CPB is a technique that allows the heart-lung machine to take over the lungs and heart function during cardiac surgery by maintaining the blood and oxygen flow to the patient's body.
The main components are:
The patient blood is drained by gravity into the reservoir, the pump push the blood in the oxygenator it gets oxygenated and it is redirect back into the patient arterial blood stream.
The first time a cardiopulmonary bypass machine was successfully used during a cardiac operation was on the 6th of May 1953. The operation was an atrial septal defect performed by John Gibbon.
It is one of the main components of the heart lung machine. This device allowed the exchanging of oxygen and carbon dioxide in the patient blood flow by diffusion. The oxygenator replace the patient lungs function during cardiac surgical procedures. The oxygenator membrane are hollow microporous polypropylene fibres (100–200 μm internal diameter).

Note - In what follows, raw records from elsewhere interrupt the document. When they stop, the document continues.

Lemma card_cycle_edges c : uniq c -> 2 < size c -> #|cycle_edges c| = size c.
Proof.
move=> c_uniq c_gt2; rewrite card_imset ?card_ord // => i j.
have c_gt0 : 0 < size c by rewrite (leq_trans _ c_gt2).
have succ_lt (h : 'I_(size c)) : h.+1 %% size c < size c by rewrite ltn_pmod.
case/eq_set2=> [[/eqP + _]|[/eqP + /eqP +]].
  by rewrite nth_uniq // => /eqP/val_inj.
rewrite !nth_uniq // => /eqP i_succ_j /eqP succ_i_j; exfalso.
have : i + 0 == i + 2 %[mod size c].
  rewrite addn0 [in X in X == _]i_succ_j -succ_i_j modn_mod.
  by rewrite -(addn1 (_ %% _)) modnDml addn1 addn2.
by rewrite eqn_modDl mod0n modn_small.
Qed.

Definition factor_graph cs : graph := \bigcup_(c <- cs) cycle_edges c.

Lemma factor_graphP cs e :
  reflect (exists2 c, c \in cs & e \in cycle_edges c) (e \in factor_graph cs).
Proof.
rewrite /factor_graph; elim: cs => [|c cs IHcs]; first by rewrite big_nil inE; right=> -[].
rewrite big_cons inE; apply: (iffP orP) => [[e_c|/IHcs[c' c'_cs e_c']]|[c']].
- by exists c; rewrite ?mem_head.
- by exists c'; rewrite // in_cons c'_cs orbT.
- by rewrite in_cons => /orP[/eqP->|c'_cs e_c']; [left | right; apply/IHcs; exists c'].
Qed.

Lemma card_factor_graph cs :
  all (fun c => (2 < size c) && uniq c) cs -> uniq (flatten cs) ->
  #|factor_graph cs| = size (flatten cs).
Proof.
rewrite /factor_graph; elim: cs => [|c cs IHcs] /=; first by rewrite big_nil cards0.
case/andP=> /andP[c_gt2 c_uniq] cs_ok; rewrite cat_uniq => /and3P[_ c_cs_disj cs_uniq].
rewrite big_cons cardsU card_cycle_edges // IHcs // size_cat.
suff /eqP-> : cycle_edges c :&: \bigcup_(c <- cs) cycle_edges c == set0 by rewrite cards0 subn0.
rewrite setI_eq0; apply/pred0P=> e /=; apply/negbTE/andP=> -[e_c /factor_graphP[c' c'_cs e_c']].
case/imsetP: (e_c) => i _ e_def; pose x := nth ord0 c i.
have x_e : x \in e by rewrite e_def set21.
case/hasP: c_cs_disj; exists x; last exact: cycle_edges_sub e_c x_e.
by apply/flattenP; exists c'; last exact: cycle_edges_sub e_c' x_e.
Qed.

Definition cycle_step (c : seq vert) (x y : vert) : bool :=
  has (fun i => (nth ord0 c i == x) && (nth ord0 c (i.+1 %% size c) == y)) (iota 0 (size c)).

Lemma cycle_stepP c x y :
  reflect (exists i : 'I_(size c), nth ord0 c i = x /\ nth ord0 c (i.+1 %% size c) = y)
          (cycle_step c x y).
Proof.
apply: (iffP hasP) => [[i]|[i [<- <-]]].
  by rewrite mem_iota => /andP[_ i_lt] /andP[/eqP <- /eqP <-]; exists (Ordinal i_lt).
by exists (val i); rewrite ?mem_iota ?ltn_ord ?eqxx.
Qed.

Lemma mem_cycle_edges c x y :
  ([set x; y] \in cycle_edges c) = cycle_step c x y || cycle_step c y x.
Proof.
apply/imsetP/orP=> [[i _ /eq_set2[[-> ->]|[-> ->]]]|[]/cycle_stepP[i [<- <-]]].
- by left; apply/cycle_stepP; exists i.
- by right; apply/cycle_stepP; exists i.
- by exists i.
- by exists i; rewrite // setUC.
Qed.
Definition bigprodG (n : nat) (G : 'I_n -> Grp) : Grp.
Proof.
refine (@MkGrp (forall i : 'I_n, G i)
  (fun x y i => gmul (x i) (y i)) (fun i => gone)
  (fun x i => ginv (x i)) _ _ _).
- by move=> x y z; apply: functional_extensionality_dep => i; rewrite gassoc.
- by move=> x; apply: functional_extensionality_dep => i; rewrite gone_l.
- by move=> x; apply: functional_extensionality_dep => i; rewrite ginv_l.
Defined.

Definition is_hom (A B : Grp) (f : A -> B) : Prop :=
  forall x y : A, f (gmul x y) = gmul (f x) (f y).

Definition bijective_map (A B : Type) (f : A -> B) : Prop :=
  (forall x y, f x = f y -> x = y) /\ (forall y, exists x, f x = y).

Definition is_iso (A B : Grp) (f : A -> B) : Prop := is_hom f /\ bijective_map f.

Definition isomorphic (A B : Grp) : Prop := exists f : A -> B, is_iso f.

Definition is_aut (A : Grp) (f : A -> A) : Prop := is_iso f.

Definition trivialG (A : Grp) : Prop := forall x : A, x = gone.

Definition nontrivialG (A : Grp) : Prop := exists x : A, x <> gone.

Definition central (A : Grp) (z : A) : Prop := forall x : A, gmul z x = gmul x z.

Definition centreless (A : Grp) : Prop := forall z : A, central z -> z = gone.

Definition directly_indecomposable (A : Grp) : Prop :=
  forall B C : Grp, isomorphic A (prodG B C) -> trivialG B \/ trivialG C.

Definition has_direct_factor (H A : Grp) : Prop :=
  exists N : Grp, isomorphic H (prodG A N).

Definition is_hom_to_centre (G H : Grp) (g : G -> H) : Prop :=
  is_hom g /\ forall x : G, central (g x).

(* Everything rests on the following observation about a single factor G_i.
   Let theta be an automorphism of G x H and P : G x H -> G_i the surjection
   k |-> (theta k).1 i.  The images B = P(G x 1) and D = P(1 x H) commute and
   generate G_i, so B /\ D is central, hence trivial, and G_i = B x D
   internally.  By indecomposability B = 1 or D = 1.  If B = 1, then
   P restricted to 1 x H is split by y |-> (theta^-1 (y, 1)).2, whose image
   centralises the kernel, so H = G_i x ker P: excluded by hypothesis.
   Hence D = 1 for every i, i.e. every automorphism maps 1 x H into itself. *)
From mathcomp Require Import all_boot.
From Stdlib Require Import FunctionalExtensionality ProofIrrelevance ClassicalEpsilon.
Set Implicit Arguments. Unset Strict Implicit.

Section GroupLaws.
Variable A : Grp.
Implicit Types x y z : A.

Lemma gmulV x : gmul x (ginv x) = gone.
Proof.
rewrite -{1}(gone_l (gmul x (ginv x))) -(ginv_l (ginv x)) -!gassoc.
by rewrite (gassoc (ginv x) x) ginv_l gone_l ginv_l.
Qed.

Lemma gmul1 x : gmul x gone = x.
Proof. by rewrite -(ginv_l x) gassoc gmulV gone_l. Qed.

Lemma gmul_cancel_l x y z : gmul x y = gmul x z -> y = z.
Proof. by move=> E; rewrite -(gone_l y) -(ginv_l x) -gassoc E gassoc ginv_l gone_l. Qed.

Lemma gmul_cancel_r x y z : gmul y x = gmul z x -> y = z.
Proof. by move=> E; rewrite -(gmul1 y) -(gmulV x) gassoc E -gassoc gmulV gmul1. Qed.

Lemma ginv1 : ginv (gone : A) = gone.
Proof. by rewrite -{2}(ginv_l gone) gmul1. Qed.
End GroupLaws.

Section Homomorphisms.
Variables (A B : Grp) (f : A -> B).
Hypothesis f_hom : is_hom f.

Lemma hom_one : f gone = gone.
Proof. by apply: (@gmul_cancel_l _ (f gone)); rewrite -f_hom gone_l gmul1. Qed.

Lemma hom_inv x : f (ginv x) = ginv (f x).
Proof. by apply: (@gmul_cancel_r _ (f x)); rewrite -f_hom !ginv_l hom_one. Qed.
End Homomorphisms.

Lemma iso_inv (A B : Grp) (f : A -> B) : is_iso f ->
  exists g : B -> A, [/\ is_iso g, forall x, g (f x) = x & forall y, f (g y) = y].
Proof.
move=> [f_hom [f_inj f_sur]].
pose g y := proj1_sig (constructive_indefinite_description _ (f_sur y)).
have fK y : f (g y) = y by rewrite /g; case: constructive_indefinite_description.
have gK x : g (f x) = x by apply: f_inj; rewrite fK.
exists g; split=> //; split.
- by move=> x y; apply: f_inj; rewrite f_hom !fK.
- split; first by move=> x y E; rewrite -(fK x) -(fK y) E.
  by move=> y; exists (f y).
Qed.

Lemma isomorphic_of_iso (A B : Grp) (f : B -> A) : is_iso f -> isomorphic A B.
Proof. by move=> /iso_inv [g [g_iso _ _]]; exists g. Qed.

Lemma prodG_mulE (B C : Grp) (b b' : B) (c c' : C) :
  gmul ((b, c) : prodG B C) (b', c') = (gmul b b', gmul c c').
Proof. by []. Qed.

Lemma prodG_split (B C : Grp) (b : B) (c : C) :
  ((b, c) : prodG B C) = gmul ((b, gone) : prodG B C) (gone, c).
Proof. by rewrite prodG_mulE gmul1 gone_l. Qed.

Definition subG (A : Grp) (S : A -> Prop)
    (S_mul : forall x y, S x -> S y -> S (gmul x y)) (S_one : S gone)
    (S_inv : forall x, S x -> S (ginv x)) : Grp.
Proof.
refine (@MkGrp {x : A | S x}
  (fun p q => exist _ (gmul (proj1_sig p) (proj1_sig q)) (S_mul _ _ (proj2_sig p) (proj2_sig q)))
  (exist _ gone S_one) (fun p => exist _ (ginv (proj1_sig p)) (S_inv _ (proj2_sig p))) _ _ _).
- by move=> [x ?] [y ?] [z ?]; apply: eq_sig_hprop => /=;
    [move=> *; apply: proof_irrelevance | rewrite gassoc].
- by move=> [x ?]; apply: eq_sig_hprop => /=;
    [move=> *; apply: proof_irrelevance | rewrite gone_l].
- by move=> [x ?]; apply: eq_sig_hprop => /=;
    [move=> *; apply: proof_irrelevance | rewrite ginv_l].
Defined.

Section ImageKernel.
Variables (A K : Grp) (f : A -> K).
Hypothesis f_hom : is_hom f.

Definition in_image (k : K) : Prop := exists a, f a = k.

Lemma in_image_mul x y : in_image x -> in_image y -> in_image (gmul x y).
Proof. by move=> [a <-] [b <-]; exists (gmul a b). Qed.

Lemma in_image_one : in_image gone.
Proof. by exists gone; apply: hom_one. Qed.

Lemma in_image_inv x : in_image x -> in_image (ginv x).
Proof. by move=> [a <-]; exists (ginv a); apply: hom_inv. Qed.

Definition imageG : Grp := subG in_image_mul in_image_one in_image_inv.

Definition in_kernel (a : A) : Prop := f a = gone.

Lemma in_kernel_mul x y : in_kernel x -> in_kernel y -> in_kernel (gmul x y).
Proof. by rewrite /in_kernel f_hom => -> ->; rewrite gone_l. Qed.

Lemma in_kernel_one : in_kernel gone.
Proof. exact: hom_one. Qed.

Lemma in_kernel_inv x : in_kernel x -> in_kernel (ginv x).
Proof. by rewrite /in_kernel (hom_inv f_hom) => ->; rewrite ginv1. Qed.

Definition kernelG : Grp := subG in_kernel_mul in_kernel_one in_kernel_inv.
End ImageKernel.

Lemma subG_val_hom (A : Grp) S S_mul S_one S_inv :
  is_hom (fun p : @subG A S S_mul S_one S_inv => proj1_sig p).
Proof. by []. Qed.

Lemma subG_val_inj (A : Grp) S S_mul S_one S_inv (p q : @subG A S S_mul S_one S_inv) :
  proj1_sig p = proj1_sig q -> p = q.
Proof. by move=> E; apply: eq_sig_hprop => // *; apply: proof_irrelevance. Qed.

Lemma internal_direct_product (K B D : Grp) (f : B -> K) (g : D -> K) :
  is_hom f -> is_hom g ->
  (forall x y, f x = f y -> x = y) -> (forall x y, g x = g y -> x = y) ->
  (forall b d, gmul (f b) (g d) = gmul (g d) (f b)) ->
  (forall b d, f b = g d -> f b = gone) ->
  (forall k, exists b d, gmul (f b) (g d) = k) ->
  isomorphic K (prodG B D).
Proof.
move=> f_hom g_hom f_inj g_inj fg_comm fg_meet fg_gen.
apply: (@isomorphic_of_iso _ _ (fun p : prodG B D => gmul (f p.1) (g p.2))).
split; [|split].
- move=> [b1 d1] [b2 d2] /=; rewrite f_hom g_hom -!gassoc; congr gmul.
  by rewrite !gassoc fg_comm.
- move=> [b1 d1] [b2 d2] /= E.
  have E' : f (gmul (ginv b2) b1) = g (gmul d2 (ginv d1)).
    rewrite f_hom g_hom (hom_inv f_hom) (hom_inv g_hom).
    apply: (@gmul_cancel_l _ (f b2)); apply: (@gmul_cancel_r _ (g d1)).
    by rewrite !gassoc gmulV gone_l -!gassoc ginv_l gmul1 E.
  have eb : b1 = b2.
    apply: f_inj; apply: (@gmul_cancel_l _ (ginv (f b2))).
    by rewrite ginv_l -(hom_inv f_hom) -f_hom (fg_meet _ _ E').
  by subst b2; rewrite (g_inj _ _ (gmul_cancel_l E)).
- move=> k; have [b [d E]] := fg_gen k; by exists (b, d).
Qed.

Lemma surjection_kills_factor (X Y K : Grp) (P : prodG X Y -> K) :
  is_hom P -> (forall k, exists p, P p = k) ->
  centreless K -> directly_indecomposable K ->
  (forall x, P (x, gone) = gone) \/ (forall y, P (gone, y) = gone).
Proof.
move=> P_hom P_sur K_cl K_ind.
pose P1 (x : X) := P (x, gone); pose P2 (y : Y) := P (gone, y).
have P1_hom : is_hom P1 by move=> x x'; rewrite /P1 -P_hom prodG_mulE gone_l.
have P2_hom : is_hom P2 by move=> y y'; rewrite /P2 -P_hom prodG_mulE gone_l.
have P12 x y : gmul (P1 x) (P2 y) = P (x, y) by rewrite -P_hom prodG_mulE gmul1 gone_l.
have P21 x y : gmul (P2 y) (P1 x) = P (x, y) by rewrite -P_hom prodG_mulE gmul1 gone_l.
pose B := imageG P1_hom; pose D := imageG P2_hom.
have BD_comm (b : B) (d : D) : gmul (proj1_sig b) (proj1_sig d) = gmul (proj1_sig d) (proj1_sig b).
  by case: b d => [b [x Eb]] [d [y Ed]] /=; rewrite -Eb -Ed P12 P21.
have K_iso : isomorphic K (prodG B D).
  apply: internal_direct_product (@subG_val_hom _ _ _ _ _) (@subG_val_hom _ _ _ _ _)
    (@subG_val_inj _ _ _ _ _) (@subG_val_inj _ _ _ _ _) BD_comm _ _.
  - move=> [b [x Eb]] [d [y Ey]] /=; rewrite -Eb => Exy; apply: K_cl => k.
    have comm1 a : gmul (P1 x) (P1 a) = gmul (P1 a) (P1 x).
      by rewrite {1}Exy -Ey P21 -P12 Ey -Exy.
    have comm2 c : gmul (P1 x) (P2 c) = gmul (P2 c) (P1 x) by rewrite P12 P21.
    have [[a c] <-] := P_sur k.
    by rewrite -P12 gassoc comm1 -!gassoc comm2.
  - move=> k; have [[x y] <-] := P_sur k.
    by exists (exist _ (P1 x) (ex_intro _ x erefl)), (exist _ (P2 y) (ex_intro _ y erefl)); apply: P12.
case: (K_ind B D K_iso) => [B1 | D1]; [left | right].
- by move=> x; have := f_equal (@proj1_sig _ _) (B1 (exist _ (P1 x) (ex_intro _ x erefl))).
- by move=> y; have := f_equal (@proj1_sig _ _) (D1 (exist _ (P2 y) (ex_intro _ y erefl))).
Qed.

Lemma split_direct_factor (H K : Grp) (Q : H -> K) (s : K -> H) (Q_hom : is_hom Q) :
  is_hom s -> (forall y, Q (s y) = y) ->
  (forall m y, Q m = gone -> gmul m (s y) = gmul (s y) m) ->
  has_direct_factor H K.
Proof.
move=> s_hom sK s_cent; exists (kernelG Q_hom).
apply: (internal_direct_product s_hom (@subG_val_hom _ _ _ _ _) _ (@subG_val_inj _ _ _ _ _)).
- by move=> y y' E; rewrite -(sK y) E sK.
- by move=> y [m Qm] /=; rewrite s_cent.
- move=> y [m Qm] /= E; have y1 : y = gone by rewrite -(sK y) E.
  by rewrite y1 (hom_one s_hom).
- move=> k; pose y := Q k.
  have Qm : in_kernel Q (gmul (ginv (s y)) k).
    by rewrite /in_kernel Q_hom (hom_inv Q_hom) sK ginv_l.
  by exists y, (exist _ _ Qm); rewrite /= gassoc gmulV gone_l.
Qed.
(* Let $g_1,g_2$ be monic divisors of $x^m-1$ over $\mathbb{F}_q$, $v_1\in\mathcal{R}$, and let $\mathcal{D}_1$ be the QC code of length $2m$ generated by $(g_1,v_1g_1)$ and $(0,g_2)$. Then $\mathcal{D}_1$ is Euclidean dual-containing iff $g_1\mid g_1^{\perp}$, $g_1\mid g_2^{\perp}\overline{v_1}$ and $g_2\mid g_2^{\perp}(1+\overline{v_1}v_1)$.
   Context: $\mathcal{R}=\mathbb{F}_q[x]/(x^m-1)$, elements identified with representatives of degree $<m$; $[k]=(k_0,\dots,k_{m-1})$; $\overline{k}(x)=k(x^{-1})\bmod(x^m-1)$; $f^*(x)=x^{\deg f}f(1/x)$; for $k\in\mathcal{R}$, $f=\frac{x^m-1}{\gcd(k,x^m-1)}$ and $k^{\perp}=f(0)^{-1}f^*$. For $g\mid x^m-1$, ''$g\mid a$'' means $g$ divides the representative of $a\in\mathcal{R}$. The QC code generated by $(u_{i1},u_{i2})$, $i=1,2$, is $\{([r_1u_{11}+r_2u_{21}],[r_1u_{12}+r_2u_{22}]):r_i\in\mathcal{R}\}$. Euclidean dual-containing: $\mathcal{D}_1^{\perp_E}\subseteq\mathcal{D}_1$ with $\langle u,v\rangle_E=\sum u_iv_i$. *)

From HB Require Import structures.
From mathcomp Require Import all_boot all_order all_algebra.
Set Implicit Arguments. Unset Strict Implicit. Unset Printing Implicit Defensive.
Import GRing.Theory.
Local Open Scope ring_scope.
(* Let $q=3^k$ for some $k\ge 1$, and pick $a,b,c,d\in\mathbb{F}_q$ with $ac\ne 0$. Then $f(X):=X^9+aX^5+bX^3+cX^2+dX$ does not permute $\mathbb{F}_q$. *)

From mathcomp Require Import all_boot all_order all_algebra all_field.
Set Implicit Arguments. Unset Strict Implicit. Unset Printing Implicit Defensive.
Import GRing.Theory.
Local Open Scope ring_scope.

Definition permutes (F : finFieldType) (f : F -> F) : Prop := bijective f.

From mathcomp Require Import all_boot all_order all_algebra all_field.
From mathcomp Require Import fingroup cyclic zify ring.
Set Implicit Arguments. Unset Strict Implicit. Unset Printing Implicit Defensive.
Import GRing.Theory FinRing.Theory.
Local Open Scope ring_scope.

(* By Hermite's criterion, if f permutes F_q then \sum_x f(x)^t = 0 for
   0 < t < q - 1, i.e. the coefficients of X^(q-1), X^(2(q-1)), ... of f^t add
   up to 0.  In characteristic 3, f(x)^(3^j) is f with its coefficients raised to
   the power 3^j evaluated at x^(3^j), so once t is written in base 3 the few
   coefficients of f^t that matter can be computed digit by digit.
   For q = 3^k with k >= 3, the exponent t = 2 + 3 + 9 + ... + 3^(k-2) gives as
   coefficient of X^(q-1) either 2c or 2ab times a nonzero power of a, according
   to the parity of k; hence k is even and b = 0.  Then t = 1 + 3 + 2*9 + 27 + ...
   + 3^(k-2) gives 2 a^12 c^10 times a nonzero power of a.  For q = 3 the exponent
   t = 1 already gives c; for q = 9, t = 2 forces b = 0 and t = 5 forces
   (1 + d)^2 + a^2 = 0, after which f(x) = x (1 + d + a x^4 + c x) visibly has a
   second root. *)

Fixpoint div3 (n : nat) : option nat :=
  match n with
  | 0 => Some 0%N
  | 1 | 2 => None
  | n.+3 => omap S (div3 n)
  end.

Lemma div3P n : if div3 n is Some s then n = (3 * s)%N else ~~ (3 %| n)%N.
Proof.
elim/ltn_ind: n => -[|[|[|n]]] // IH /=.
have := IH n (ltnW (ltnW (ltnSn n.+1))); case: (div3 n) => [s ->|] /=; first lia.
by rewrite -[n.+3]addn3 dvdn_addl.
Qed.

Section CoefBelow.
Variable R : nzRingType.
Implicit Types p : {poly R}.

(* The coefficient of X^(n - r) in p, and 0 (not p`_0) when r > n.  It is written
   with Stdlib's Nat operations, which cbn evaluates on numerals. *)
Definition coefd p (n r : nat) : R := if Nat.leb r n then p`_(Nat.sub n r) else 0.
Lemma cuts_le1 : all (<= 1) cuts.
Proof.
apply/allP => c /mapP [K]; rewrite mem_cut_idx => /and3P [_ K_gt0 lt_K] ->.
have [_ lt_mid] := midpoint_between K_gt0 lt_K; have /andP [_ le1] := ps01 lt_K.
exact: ltW (lt_le_trans lt_mid le1).
Qed.

Lemma has_cut_between k k' : (k <= k')%N -> (k' < N)%N ->
  has (fun c => (ps`_k < c) && (c <= ps`_k')) cuts = (yh`_k != yh`_k').
Proof.
move=> le_kk' lt_k'; apply/hasP/idP.
  move=> [c /mapP [K]]; rewrite mem_cut_idx => /and3P [jump K_gt0 lt_K] ->.
  move=> /andP [lt_k le_k'].
  have [lt_mid mid_lt] := midpoint_between K_gt0 lt_K.
  have lt_kK : (k < K)%N.
    rewrite ltnNge; apply/negP => le_Kk.
    have lt_k_N := leq_ltn_trans le_kk' lt_k'.
    by have := lt_le_trans (lt_trans lt_k mid_lt) (ps_le le_Kk lt_k_N); rewrite ltxx.
  have le_Kk' : (K <= k')%N.
    rewrite leqNgt; apply/negP => lt_k'K.
    have le_k'_K1 : ps`_k' <= ps`_K.-1 by apply: ps_le; lia.
    by have := le_lt_trans le_k' (le_lt_trans le_k'_K1 lt_mid); rewrite ltxx.
  apply: contra jump => /eqP eq_yh; rewrite eq_le yh_le ?leq_pred //=.
  by apply: le_trans (yh_le le_Kk' lt_k') _; rewrite -eq_yh yh_le //; lia.
move=> /(exists_neq_step (g := fun k => yh`_k) le_kk') [K /andP [lt_kK le_Kk'] jump].
have K_gt0 : (0 < K)%N by lia.
have lt_K : (K < N)%N by lia.
exists (midpoint K); first by apply: map_f; rewrite mem_cut_idx jump K_gt0 lt_K.
have [lt_mid mid_lt] := midpoint_between K_gt0 lt_K.
have le_k_K1 : ps`_k <= ps`_K.-1 by apply: ps_le; lia.
by rewrite (le_lt_trans le_k_K1 lt_mid) (ltW (lt_le_trans mid_lt (ps_le le_Kk' lt_k'))).
Qed.

Lemma pava_bins_binning : is_binning (pava_bins p y).
Proof. exact: mk_bins_binning path_cuts cuts_le1. Qed.

Lemma same_pava_bin i j :
  has (fun I => (p i \in I) && (p j \in I)) (pava_bins p y) = (fitted i == fitted j).
Proof.
wlog le_ij : i j / p i <= p j.
  move=> wlog_ij; case: (leP (p i) (p j)) => [|/ltW le_ji]; first exact: wlog_ij.
  by rewrite eq_sym -wlog_ij //; apply: eq_has => I; rewrite andbC.
have lt_i := index_sorted_idx_lt i; have lt_j := index_sorted_idx_lt j.
have /andP [ge0_i _] := ps01 lt_i; have /andP [_ le1_j] := ps01 lt_j.
rewrite -leq_index_sorted_idx in le_ij.
rewrite pava_binsE -!nth_ps_index has_mk_bins_both ?path_cuts ?cuts_le1 ?ps_le //.
by rewrite has_cut_between // negbK.
Qed.

Lemma mem_pava_bin b i j : (b < size (pava_bins p y))%N ->
  p i \in nth (itv01 R) (pava_bins p y) b ->
  (p j \in nth (itv01 R) (pava_bins p y) b) = (fitted j == fitted i).
Proof.
move=> lt_b p_i; rewrite -same_pava_bin.
apply/idP/(has_nthP (itv01 R)) => [p_j | [b' lt_b' /andP [p_j p_i']]].
  by exists b; rewrite ?p_j.
by have [_ disjoint _] := pava_bins_binning; rewrite (disjoint _ _ _ lt_b lt_b' p_i p_i').
Qed.

Lemma sum_fitted_level (v : R) :
  \sum_(j <- s | fitted j == v) yv R y j = \sum_(j <- s | fitted j == v) fitted j.
Proof. by have := pava_level_sum ys (pred1 v); rewrite -map_fitted zip_map !big_map. Qed.

Lemma Phat_pava_bin b i : (b < size (pava_bins p y))%N ->
  p i \in nth (itv01 R) (pava_bins p y) b ->
  Phat p y (nth (itv01 R) (pava_bins p y) b) = fitted i.
Proof.
move=> lt_b p_i; set I := nth _ _ b.
have in_I j : (p j \in I) = (fitted j == fitted i) := mem_pava_bin j lt_b p_i.
have Nb_gt0 : (0 < Nb p I)%N by apply/card_gt0P; exists i; rewrite inE.
have Nb_sum : (Nb p I)%:R = \sum_(j <- s | fitted j == fitted i) (1 : R).
  by rewrite /Nb -sumr_const -big_sorted_idx; apply: eq_bigl => j; rewrite inE /= in_I.
rewrite /Phat (eq_bigl _ _ in_I) big_sorted_idx sum_fitted_level.
rewrite (eq_bigr (fun _ => fitted i * 1)) => [|j /eqP ->]; last by rewrite mulr1.
by rewrite -mulr_sumr -Nb_sum mulfK // pnatr_eq0 -lt0n.
Qed.

Lemma bin_Phat_pava_bins i : bin_Phat p y (pava_bins p y) i = fitted i.
Proof. by have [] := bin_ofP p01 i pava_bins_binning; exact: Phat_pava_bin. Qed.

Lemma pava_bins_feasible : feasible p y (pava_bins p y).
Proof.
split=> [|b b' lt_bb' lt_b']; first exact: pava_bins_binning.
move=> /card_gt0P [i]; rewrite inE => p_i /card_gt0P [j]; rewrite inE => p_j.
rewrite (Phat_pava_bin (ltn_trans lt_bb' lt_b') p_i) (Phat_pava_bin lt_b' p_j).
have [_ _ ordered] := pava_bins_binning.
exact/fitted_le/ltW/(ordered _ _ _ _ lt_bb' lt_b' p_i p_j).
Qed.

Lemma objective_sorted_idx bins : is_binning bins ->
  objective p y bins = sqdist ys (map (bin_Phat p y bins) s) / N%:R.
Proof. by move=> bins_ok; rewrite objectiveE // big_sorted_idx /sqdist zip_map big_map. Qed.

Lemma objective_pava_bins : objective p y (pava_bins p y) = sqdist ys yh / N%:R.
Proof.
rewrite objective_sorted_idx; last exact: pava_bins_binning.
by rewrite -map_fitted (eq_map bin_Phat_pava_bins).
Qed.

Lemma pava_objective_le bins : feasible p y bins ->
  sqdist ys yh / N%:R <= objective p y bins.
Proof.
move=> feas; rewrite objective_sorted_idx; last exact: feas.1.
apply: ler_wpM2r; first by rewrite invr_ge0 ler0n.
apply: pava_optimal; last by rewrite !size_map.
rewrite sorted_map; apply: sub_sorted (sort_sorted (fun i j => le_total (p i) (p j)) _).
move=> i j /=; rewrite le_eqVlt => /predU1P [/p_inj -> // | lt_ij].
exact: bin_Phat_mono.
Qed.

End PavaBins.

Unset Implicit Arguments.
Set Strict Implicit.

Theorem mainTheorem1 (R : realFieldType) (N : nat) (p : 'I_N -> R) (y : 'I_N -> bool)
  (hp : forall i, 0 <= p i <= 1)
  (hinj : injective p)
  (hnontriv : ~ is_optimal p y [:: itv01 R]) :
  is_optimal p y (pava_bins p y).
Proof.
split; first exact: pava_bins_feasible y hp hinj.
move=> bins feas; rewrite (objective_pava_bins y hp hinj).
exact: (pava_objective_le hp hinj feas).
Qed.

The intended use of the cardiotomy reservoir during cardiopulmonary bypass is to create a fluid collection chamber for the patient blood and filter any foreign particles coming from the surgical field (20 - 40 micron filtration capability).
The cardioplegia solution is a myocardial protection technique that cause electromechanical arrest that reduce the heart oxygen consumption during bypass. This solution allows the surgeon to manipulate the heart freely and conduct a safe surgery.
There are mainly two different kind a pumps: roller and centrifugal. These devices allow the blood to circulate from and to the patient's body.
Roller pumps use a peristaltic motion to push the blood around the CPB circuit. These are to most common pumps used for cardiopulmonary bypass.
Centrifugal pumps use centrifuge force to push the blood into and out the pump.
Heater cooler is used to efficiently manage the patient temperature during cardiac surgery. Hypothermia is frequently used during bypass to protect the patients organs.
Cannulas are the devices that allowed the cardiopulmonary bypass circuit to be connected to the heart lung machine. Without this it would be impossible to deliver or drain the patient's blood. The Venous cannula drains deoxygenated blood into the CPB and the Arterial cannula give back to the heart oxygenated blood.